而被这夫郎扯住的人听他说完话之后,再看他时就带上了了然和躲麻烦似的神色。
甚至不远处,果真有几个人在一起嘀嘀咕咕地指点着他,不知道在说些什么。
甚至有人没压住声,“劳什子东西也敢拿出来卖?”
这真情实感地让裴珠还以为自己真卖了次品。
可是,开摊至今的几个时辰里面,他甚至还没有开张。
都到这一步了,裴珠要是还是看不出有人在使坏他就算是白遭了这月余的苦。
“秋实,麻烦你帮我看一下摊子,我有些事。

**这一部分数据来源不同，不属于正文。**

(* Under the standing assumptions below, the family $\mathcal U=\{I(\mathcal P):\mathcal P \text{ a finite partition of } \lambda\}$ is an ultrafilter on $\lambda$.
   Context: Standing assumptions: $G$ is a finite graph with at least one edge which is trivially power-colorable (for every positive integer $n$, every $\chi(G)$-coloring of $G^n$ is of the form $v\mapsto\phi(v_i)$ for some coordinate $i$ and proper coloring $\phi$ of $G$), $k=\chi(G)$, $\lambda$ is an infinite cardinal, and $\Phi$ is a fixed proper $k$-coloring of $G^\lambda$ (vertex set $V(G)^\lambda$, $(v_\xi)$ adjacent to $(w_\xi)$ iff $v_\xi w_\xi\in E(G)$ for all $\xi<\lambda$). A finite partition of $\lambda$ is a partition of $\lambda$ into finitely many nonempty pieces. For a finite partition $\mathcal P$, $V_{\mathcal P}=\{\mathbf v\in V(G^\lambda): \mathbf v\restriction A \text{ is constant for each } A\in\mathcal P\}$, and for $\mathbf v\in V_{\mathcal P}$, $A\in\mathcal P$, $\mathbf v_A$ is the constant value of $\mathbf v$ on $A$. If $\mathcal P=\{A_1,\dots,A_n\}$, the induced subgraph on $V_{\mathcal P}$ is isomorphic to $G^n$ via $\mathbf v\mapsto(\mathbf v_{A_1},\dots,\mathbf v_{A_n})$, so there are $i$ and a proper coloring $\phi$ of $G$ with $\Phi(\mathbf v)=\phi(\mathbf v_{A_i})$ for all $\mathbf v\in V_{\mathcal P}$; since $G$ has an edge, $A_i$ is uniquely determined and is denoted $I(\mathcal P)$. *)

From HB Require Import structures.
From mathcomp Require Import all_boot.
From mathcomp Require Import boolp classical_sets cardinality filter.

Set Implicit Arguments.
Unset Strict Implicit.
Unset Printing Implicit Defensive.

Local Open Scope classical_set_scope.

Definition simple_graph (T : finType) (e : rel T) : Prop :=
  symmetric e /\ irreflexive e.

Definition proper_coloring (V C : Type) (adj : V -> V -> Prop) (c : V -> C) :=
  forall v w, adj v w -> c v <> c w.

(* Adjacency of the n-th categorical (tensor) power G^n on {ffun 'I_n -> T}. *)
Definition power_adj (T : finType) (e : rel T) (n : nat)
  (v w : {ffun 'I_n -> T}) : Prop := forall i, e (v i) (w i).

Definition bigpower_adj (T : finType) (e : rel T) (L : Type)
  (v w : L -> T) : Prop := forall x, e (v x) (w x).

Definition is_chromatic_number (T : finType) (e : rel T) (k : nat) : Prop :=
  (exists c : T -> 'I_k, proper_coloring (fun x y => e x y) c) /\
  (forall m, (exists c : T -> 'I_m, proper_coloring (fun x y => e x y) c) ->
     (k <= m)%N).

(* Trivially power-colorable (with k = chi(G)): for every positive n, every
   proper k-coloring of G^n is v |-> phi (v i) for a coordinate i and a
   proper coloring phi of G. *)
Definition trivially_power_colorable (T : finType) (e : rel T) (k : nat) :=
  forall n : nat, (0 < n)%N ->
  forall c : {ffun 'I_n -> T} -> 'I_k,
    proper_coloring (@power_adj T e n) c ->
    exists (i : 'I_n) (phi : T -> 'I_k),
      proper_coloring (fun x y => e x y) phi /\ forall v, c v = phi (v i).

(* A finite partition of L into n nonempty pieces, given by a surjective
   labelling p : L -> 'I_n; the pieces are the fibres p^-1(j). *)
Definition finite_partition (L : Type) (n : nat) (p : L -> 'I_n) : Prop :=
  forall j : 'I_n, exists x, p x = j.

Definition in_VP (L T : Type) (n : nat) (p : L -> 'I_n) (v : L -> T) : Prop :=
  forall x y, p x = p y -> v x = v y.

(* [is_I Phi p A] : A is the piece I(P) of the partition P given by p,
   i.e. A = p^-1(i) for an index i such that, for some proper coloring phi
   of G, Phi v = phi (v_{A}) for all v in V_P (v_A = v x for any x in A). *)
Definition is_I (T : finType) (e : rel T) (k : nat) (L : Type)
  (Phi : (L -> T) -> 'I_k) (n : nat) (p : L -> 'I_n) (A : set L) : Prop :=
  exists (i : 'I_n) (phi : T -> 'I_k),
    A = [set x | p x = i] /\
    proper_coloring (fun x y => e x y) phi /\
    forall v : L -> T, in_VP p v -> forall x, p x = i -> Phi v = phi (v x).

Definition U_family (T : finType) (e : rel T) (k : nat) (L : Type)
  (Phi : (L -> T) -> 'I_k) : set_system L :=
  [set A | exists (n : nat) (p : L -> 'I_n),
             finite_partition p /\ is_I e Phi p A].

From HB Require Import structures.
From mathcomp Require Import all_boot.
From mathcomp Require Import boolp classical_sets cardinality filter.

(* Fix a proper k-coloring Phi of G^L.  A "labelling" of L is a
   map f : L -> X into a finite type; its fibres form a finite partition, and
   the vertices constant on the fibres form a copy of G^#|X|.  Trivial
   power-colorability yields a point x0 such that, on these vertices, Phi is
   read off the coordinate x0 through a proper coloring of G; we say that f is
   represented at x0.  Two facts drive everything:
   - coarsening: if f is represented at x0, so is every coarser labelling;
   - uniqueness: two points representing f lie in the same fibre (a vertex
     taking an edge {a,b} across the two fibres would get two colors).
   Hence the distinguished fibres form the family U, and a set A that is a
   union of fibres of f belongs to U exactly when it contains a point
   representing f.  Applying this to the labellings by the indicators of one
   or two sets gives the filter axioms and "A or its complement is in U",
   i.e. U is an ultrafilter. *)

Set Implicit Arguments.
Unset Strict Implicit.
Unset Printing Implicit Defensive.
Local Open Scope classical_set_scope.

Lemma ultra_setVsetC (L : Type) (F : set_system L) :
  ProperFilter F -> (forall A, F A \/ F (~` A)) -> UltraFilter F.
Proof.
move=> PF FVC; split => // G PG sFG.
apply/funext => A; apply/propext; split => [GA|]; last exact: sFG.
have [//|FnA] := FVC A.
exfalso; apply: (filter_not_empty G).
by rewrite -(setICr A); apply: filterI => //; exact: sFG.
Qed.

Section Labellings.

Variable L : Type.

Definition fibre (X : Type) (f : L -> X) (x0 : L) : set L :=
  [set x | f x = f x0].

Definition saturated (X : Type) (f : L -> X) (A : set L) : Prop :=
  forall x y, f x = f y -> A x -> A y.

Definition refines (X Y : Type) (f : L -> X) (g : L -> Y) : Prop :=
  forall x y, f x = f y -> g x = g y.

Definition indicator (A : set L) : L -> bool := fun x => `[< A x >].

Lemma fibre_saturated (X : Type) (f : L -> X) (x0 : L) :
  saturated f (fibre f x0).
Proof. by move=> x y fxy; rewrite /fibre /= fxy. Qed.

Lemma saturatedC (X : Type) (f : L -> X) (A : set L) :
  saturated f A -> saturated f (~` A).
Proof. by move=> sA x y fxy nAx Ay; apply/nAx/(sA y x). Qed.

Lemma saturatedI (X : Type) (f : L -> X) (A B : set L) :
  saturated f A -> saturated f B -> saturated f (A `&` B).
Proof. by move=> sA sB x y fxy [Ax Bx]; split; [exact: sA Ax|exact: sB Bx]. Qed.

Lemma saturated_refines (X Y : Type) (f : L -> X) (g : L -> Y) (A : set L) :
  refines f g -> saturated g A -> saturated f A.
Proof. by move=> fg sA x y /fg; exact: sA. Qed.

Lemma indicator_saturated (A : set L) : saturated (indicator A) A.
Proof.
move=> x y Axy Ax; have : indicator A y by rewrite -Axy; exact/asboolP.
by move/asboolP.
Qed.

Lemma refines_indicator (X : Type) (f : L -> X) (A : set L) :
  saturated f A -> refines f (indicator A).
Proof.
move=> sA x y fxy; apply: asbool_equiv_eq.
by split; apply: sA.
Qed.

Lemma fibre_indicator (A : set L) (x0 : L) : A x0 -> fibre (indicator A) x0 = A.
Proof.
move=> Ax0; apply/funext => x; apply/propext; rewrite /fibre /indicator /=.
by rewrite (asboolT Ax0); split => /asboolP.
Qed.

Lemma finite_partition_of_labelling (X : finType) (f : L -> X) (x0 : L) :
  exists n (p : L -> 'I_n),
    finite_partition p /\ forall x y, p x = p y <-> f x = f y.
Proof.
pose S : {set X} := finset (fun y => `[< exists x, f x = y >]).
have Sf x : f x \in S by rewrite inE; apply/asboolP; exists x.
pose p x := enum_rank_in (Sf x0) (f x).
exists #|S|, p; split.
  move=> j; have := enum_valP j; rewrite inE => /asboolP [x fx].
  by exists x; rewrite /p fx enum_valK_in.
move=> x y; split => [pxy|fxy]; last by rewrite /p fxy.
rewrite -(enum_rankK_in (Sf x0) (Sf x)) -(enum_rankK_in (Sf x0) (Sf y)).
by rewrite -/(p x) -/(p y) pxy.
Qed.

End Labellings.

Section Representation.

Variables (T : finType) (e : rel T) (k : nat) (L : Type).
Variable Phi : (L -> T) -> 'I_k.
Variables (a b : T).
Hypothesis eab : e a b.
Hypothesis Phi_proper : proper_coloring (@bigpower_adj T e L) Phi.

Definition fibrewise_constant (X : Type) (f : L -> X) (v : L -> T) : Prop :=
  forall x y, f x = f y -> v x = v y.

Definition represents (X : Type) (f : L -> X) (x0 : L) : Prop :=
  exists phi : T -> 'I_k, proper_coloring (fun x y => e x y) phi /\
    forall v, fibrewise_constant f v -> Phi v = phi (v x0).

(* Coarser labellings have fewer fibrewise constant vertices. *)
Lemma represents_coarsen (X Y : Type) (f : L -> X) (g : L -> Y) (x0 : L) :
  refines f g -> represents f x0 -> represents g x0.
Proof.
move=> fg [phi [phiP Hphi]]; exists phi; split => // v vg.
by apply: Hphi => x y /fg /vg.
Qed.

(* A labelling is represented in at most one fibre: the vertex equal to b on
   the fibre of x and to a elsewhere would otherwise force phi a = phi b. *)
Lemma represents_unique (X : Type) (f : L -> X) (x y : L) :
  represents f x -> represents f y -> f x = f y.
Proof.
move=> [phi [phiP Hx]] [psi [_ Hy]]; apply: contrapT => fxy.
pose va : L -> T := fun _ => a.
pose vb : L -> T := fun z => if pselect (f z = f x) then b else a.
have vaC : fibrewise_constant f va by [].
have vbC : fibrewise_constant f vb by move=> z w fzw; rewrite /vb fzw.
have vbx : vb x = b by rewrite /vb; case: pselect.
have vby : vb y = a by rewrite /vb; case: pselect => // fyx; case: fxy.
apply: (phiP a b eab).
have := Hx va vaC; have := Hy va vaC; have := Hx vb vbC; have := Hy vb vbC.
by rewrite vbx vby /va => -> -> -> ->.
Qed.

Lemma fibrewise_constant_factor (n : nat) (p : L -> 'I_n) (v : L -> T) :
  fibrewise_constant p v ->
  exists t : {ffun 'I_n -> T}, forall x, t (p x) = v x.
Proof.
move=> vC.
exists [ffun j => if pselect (exists y, p y = j) is left h
                  then v (projT1 (cid h)) else a] => x.
rewrite ffunE; case: pselect => [h|[]]; last by exists x.
exact/vC/(projT2 (cid h)).
Qed.

Hypothesis tpc : trivially_power_colorable e k.

(* Existence for partitions indexed by ordinals: restrict Phi to the copy of
   G^n and use trivial power-colorability; the chosen coordinate is a
   nonempty piece, since otherwise phi would not separate a from b. *)
Lemma represents_exists_ord (n : nat) (p : L -> 'I_n) (x1 : L) :
  exists x0, represents p x0.
Proof.
have n_gt0 : (0 < n)%N by apply: leq_ltn_trans (leq0n _) (ltn_ord (p x1)).
pose embed (t : {ffun 'I_n -> T}) : L -> T := fun x => t (p x).
have embedP : proper_coloring (@power_adj T e n) (fun t => Phi (embed t)).
  by move=> t w tw; apply: Phi_proper => x; exact: tw.
have [i [phi [phiP Hi]]] := tpc n_gt0 embedP.
have [x0 px0] : exists x0, p x0 = i.
  apply: contrapT => noi.
  pose ta : {ffun 'I_n -> T} := [ffun _ => a].
  pose tb : {ffun 'I_n -> T} := [ffun j => if j == i then b else a].
  have Eab : embed ta = embed tb.
    apply: funext => x; rewrite /embed !ffunE.
    by case: eqP => // pxi; case: noi; exists x.
  apply: (phiP a b eab).
  by have := Hi ta; have := Hi tb; rewrite Eab !ffunE eqxx => -> ->.
exists x0, phi; split => // v vC.
have [t tv] := fibrewise_constant_factor vC.
have -> : v = embed t by apply: funext => x; rewrite /embed tv.
by rewrite Hi /embed px0.
Qed.

Lemma represents_exists (X : finType) (f : L -> X) (x1 : L) :
  exists x0, represents f x0.
Proof.
have [x0 rep] := represents_exists_ord (fun x => enum_rank (f x)) x1.
exists x0; apply: represents_coarsen rep.
by move=> x y /enum_rank_inj.
Qed.

Definition distinguished : set_system L :=
  [set A | exists (X : finType) (f : L -> X) (x0 : L),
     represents f x0 /\ A = fibre f x0].

Lemma distinguishedP (X : Type) (f : L -> X) (A : set L) (z0 : L) :
  represents f z0 -> saturated f A -> A z0 -> distinguished A.
Proof.
move=> rep sA Az0; exists bool, (indicator A), z0.
rewrite fibre_indicator //; split => //.
exact: represents_coarsen (refines_indicator sA) rep.
Qed.

Lemma distinguished_mem (X : Type) (f : L -> X) (A : set L) (z0 : L) :
  distinguished A -> represents f z0 -> saturated f A -> A z0.
Proof.
move=> [Y [g [x0 [repg ->]]]] repf sA.
have sg := @fibre_saturated L Y g x0.
have Ez : indicator (fibre g x0) z0 = indicator (fibre g x0) x0.
  apply: represents_unique.
  - exact: represents_coarsen (refines_indicator sA) repf.
  - exact: represents_coarsen (refines_indicator sg) repg.
by move: Ez; rewrite /indicator (asboolT (erefl _ : fibre g x0 x0)) => /asboolP.
Qed.

Variable x1 : L.

Let pair_indicator (A B : set L) : L -> bool * bool :=
  fun x => (indicator A x, indicator B x).

Let pair_saturated_l (A B : set L) : saturated (pair_indicator A B) A.
Proof.
apply: saturated_refines (@indicator_saturated L A).
by move=> x y /(congr1 fst).
Qed.

Let pair_saturated_r (A B : set L) : saturated (pair_indicator A B) B.
Proof.
apply: saturated_refines (@indicator_saturated L B).
by move=> x y /(congr1 snd).
Qed.

Lemma distinguishedI (A B : set L) :
  distinguished A -> distinguished B -> distinguished (A `&` B).
Proof.
move=> dA dB; have [z0 rep] := represents_exists (pair_indicator A B) x1.
have sA := @pair_saturated_l A B; have sB := @pair_saturated_r A B.
apply: (distinguishedP rep (saturatedI sA sB)).
by split; [exact: distinguished_mem rep sA|exact: distinguished_mem rep sB].
Qed.

Lemma distinguishedS (A B : set L) :
  A `<=` B -> distinguished A -> distinguished B.
Proof.
move=> AB dA; have [z0 rep] := represents_exists (pair_indicator A B) x1.
apply: (distinguishedP rep (@pair_saturated_r A B)).
exact/AB/(distinguished_mem dA rep (@pair_saturated_l A B)).
Qed.

Lemma distinguished_setVsetC (A : set L) :
  distinguished A \/ distinguished (~` A).
Proof.
have [z0 rep] := represents_exists (indicator A) x1.
have sA := @indicator_saturated L A.
have [Az0|nAz0] := pselect (A z0).
  by left; exact: distinguishedP rep sA Az0.
by right; exact: distinguishedP rep (saturatedC sA) nAz0.
Qed.

Lemma distinguished_ultra : UltraFilter distinguished.
Proof.
apply: ultra_setVsetC; last exact: distinguished_setVsetC.
apply: Build_ProperFilter.
  by move=> [X [f [x0 [_ E]]]]; have : fibre f x0 x0 by []; rewrite -E.
split; [|exact: distinguishedI|exact: distinguishedS].
have [z0 rep] := represents_exists (fun _ : L => tt) x1.
exact: distinguishedP rep (fun _ _ _ _ => I) I.
Qed.

Lemma U_family_distinguished : U_family e Phi = distinguished.
Proof.
apply/funext => A; apply/propext; split.
  move=> [n [p [surj [i [phi [-> [phiP Hi]]]]]]].
  have [x0 px0] := surj i.
  exists 'I_n, p, x0; rewrite /fibre px0; split => //.
  by exists phi; split => // v vC; exact: Hi.
move=> [X [f [x0 [[phi [phiP Hf]] ->]]]].
have [n [p [surj pf]]] := finite_partition_of_labelling f x0.
exists n, p; split => //; exists (p x0), phi; split.
  by apply/funext => x; apply/propext; rewrite /fibre /= pf.
split => // v vC x pxx0.
by rewrite -(vC x0 x) ?pxx0 // Hf // => y z /pf /vC.
Qed.

End Representation.

Theorem mainTheorem18 (T : finType) (e : rel T) (k : nat) (L : Type)
  (Phi : (L -> T) -> 'I_k) :
  simple_graph e ->
  (exists x y, e x y) ->
  is_chromatic_number e k ->
  trivially_power_colorable e k ->
  infinite_set [set: L] ->
  proper_coloring (@bigpower_adj T e L) Phi ->
  UltraFilter (U_family e Phi).
Proof.
move=> _ [a [b eab]] _ tpc infL PhiP.
have [x1 _] : [set: L] !=set0.
  by apply/set0P/eqP => L0; apply: infL; rewrite L0; exact: finite_set0.
rewrite U_family_distinguished.
exact: distinguished_ultra eab PhiP tpc x1.
Qed.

”
秋实不明所以,不过看着裴珠的面色不好,应声点头,有些担心地看着他的背影。
裴珠的脚步很快,但是脸上并没有怒气,他的心里隐约知道了是怎么回事。
裴珠径直冲着人群后的那人堆走去,他的脊背笔直,步伐没有半点慌乱,看着明显乱了神色的几人。
他开口说:“几位先不忙着走?”
为首的人看向他,语气不善但难掩慌乱地说:“你干什么。”
裴珠指尖轻轻掸了一下袖,不怒反笑:“我倒是想问问,你刚刚说了什么?”
那人心虚地往后缩了半步,声音拔高又弱了下去,“我又没有说你!”
“而且,就算说了你,”他像是突然想起了什么一样,当街就开始泼起了脏水,“你的那东西要是好,能半天没卖掉吗?”
“占着这么好的摊位,东西不好也是白搭!”
裴珠反问他:“我的东西好不好,是你一张嘴说的?”
“我乃是司市得首肯在这市肆合法买卖,你当众说我的东西不好,是买过?要是没买过,便是诽谤扰乱市肆之罪!”
“按本朝律,杖一百!再胡言乱语,小心挨板子!”
裴珠干脆搬出律令吓唬这人,其实这罪名有是有,可是如何定罪是个难事,故而只是空设,就连在皇城脚下,这事都没有落实过。
裴珠知道,但是他仍敢“狐假虎威”。
这偏僻地方的市井闲人,哪里懂什么律法,跟司市这样的小官说话都是战战兢兢,更别说裴珠言之凿凿地说什么挨板子,肯定吓破了胆。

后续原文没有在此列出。